Named list of imputation statistics.

call

The matched call.

Engine selection

Situation Behaviour
API key present, offline = FALSE LLM imputation (Anthropic)
No key, offline_fallback = TRUE Offline engine (silent)
No key, offline_fallback = FALSE Error with guidance
offline = TRUE Offline engine always

See Also

lmi_impute_offline, lmi_diagnose, lmi_export, print.lmi_result

Examples

# Offline imputation (works with no API key)
df <- data.frame(
  age    = c(25L, NA, 35L, 40L, NA),
  income = c(50000, 60000, NA, 80000, 55000),
  edu    = c("BSc", NA, "MSc", "BSc", "PhD"),
  stringsAsFactors = FALSE
)

result <- lmi_impute(df)
result$data
result$imputations
summary(result)

# Force a specific offline method
result2 <- lmi_impute(df, offline = TRUE, offline_method = "random_forest")

## Not run: 
# LLM mode requires a valid Anthropic API key
lmi_set_api_key()   # reads ANTHROPIC_API_KEY from environment
result3 <- lmi_impute(df, domain = "hr")

## End(Not run)

Impute missing values using built-in statistical and ML methods (no API required)

Description

Fully offline imputation using 20 methods from scratch in base R. No API key, no internet, no third-party packages needed.

Usage

lmi_impute_offline(
  data,
  method = c("auto", "mean", "median", "mode", "locf", "nocb", "hotdeck", "pmm", "knn",
    "linear", "lasso", "ridge", "bayesian_ridge", "svr", "decision_tree",
    "random_forest", "gradient_boost", "missforest", "pca_impute", "softimpute"),
  cols = NULL,
  na_strings = NULL,
  knn_k = 5L,
  n_trees = 50L,
  max_depth = 4L,
  shrinkage = 0.1,
  n_iter = 10L,
  lambda = 1,
  rank = 3L,
  seed = 42L,
  verbose = TRUE
)

Arguments

data

A data.frame or tibble.

method

One of: "auto", "mean", "median", "mode", "locf", "nocb", "hotdeck", "pmm", "knn", "linear", "lasso", "ridge", "bayesian_ridge", "svr", "decision_tree", "random_forest", "gradient_boost", "missforest", "pca_impute", "softimpute".

cols

Column names to impute.
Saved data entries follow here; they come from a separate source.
(* There is a polynomial $p$ such that for every $N\geq1$, every $\varepsilon,\eta\in(0,1]$ and every finite nonempty $V\subseteq\mathbb{R}^N$, there is a partition of $V$ into at most $2^{p(1/\varepsilon,1/\eta)}$ clusters such that whenever $u,v$ lie in the same cluster, there are at most $\eta|V|$ points $w\in V$ with $w\in B(u,1)\setminus B(v,1+\varepsilon)$.
   Context: $B(v,r)$ denotes the closed Euclidean ball of radius $r$ centered at $v$. The polynomial $p$ does not depend on $N$ or $V$. *)

From HB Require Import structures.
From mathcomp Require Import all_boot all_order all_algebra.
From mathcomp Require Import finmap.
From mathcomp Require Import all_classical all_reals exp.
Set Implicit Arguments. Unset Strict Implicit. Unset Printing Implicit Defensive.
Import Order.TTheory GRing.Theory Num.Theory.
Local Open Scope ring_scope.

Definition edist (R : realType) (N : nat) (u v : 'rV[R]_N) : R :=
  Num.sqrt (\sum_(i < N) (u ord0 i - v ord0 i) ^+ 2).

Definition in_ball (R : realType) (N : nat) (c : 'rV[R]_N) (r : R) (w : 'rV[R]_N) : bool :=
  edist w c <= r.

Definition eval2 (R : realType) (p : {poly {poly R}}) (x y : R) : R :=
  (p.[y%:P]).[x].

(* Points whose unit ball contains at most eta |V| points of V can all share one
   cluster.  The other, heavy, points lie within distance 2 of a maximal 4-separated
   family of heavy centers, and there are fewer than 1/eta + 1 centers because their
   unit balls are disjoint.  The energy of a direction x is the sum of <w - c, x>^2 over
   the centers c and the points w of V within distance sqrt 10 of c; its total over an
   orthonormal family is at most 10 |V| times the number of centers, so greedily
   collecting directions of energy above eta eps^2 |V| / 64 stops after
   poly(1/eps, 1/eta) steps, leaving only low-energy directions orthogonal to them.
   A heavy point u is labelled by its center c, by the coordinates of u - c along the
   collected directions and by |u - c|^2, all rounded to a fine grid.  If u and v
   have the same label, every w in B(u, 1) \ B(v, 1 + eps) has a component larger
   than eps/2 along the part of v - u orthogonal to those directions, so by
   Chebyshev's inequality there are at most eta |V| such w.  There are
   2^poly(1/eps, 1/eta) labels. *)

From HB Require Import structures.
From mathcomp Require Import all_boot all_order all_algebra.
From mathcomp Require Import finmap.
From mathcomp Require Import all_classical all_reals exp.
From mathcomp Require Import ring lra zify.
Set Implicit Arguments. Unset Strict Implicit. Unset Printing Implicit Defensive.
Import Order.TTheory GRing.Theory Num.Theory.
Local Open Scope ring_scope.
NULL = all missing columns.

na_strings

Extra strings treated as NA.

knn_k

Neighbours for knn. Default 5L.

n_trees

Trees for rf/gb/missforest. Default 50L.

max_depth

Tree depth. Default 4L.

shrinkage

Learning rate for gradient_boost. Default 0.1.

n_iter

Iterations for iterative methods. Default 10L.

lambda

Regularisation for ridge/lasso/bayesian_ridge. Default 1.0.

rank

SVD rank for pca_impute/softimpute. Default 3L.

seed

Random seed. Default 42L.

verbose

Print progress. Default TRUE.

Value

An object of class lmi_result.

See Also

lmi_impute, lmi_methods

Examples

df <- data.frame(
  age    = c(25, NA, 35, 40, NA),
  income = c(50000, 60000, NA, 80000, 55000),
  edu    = c("BSc", NA, "MSc", "BSc", "PhD"),
  stringsAsFactors = FALSE
)
lmi_impute_offline(df)
lmi_impute_offline(df, method = "random_forest")
lmi_impute_offline(df, method = "softimpute")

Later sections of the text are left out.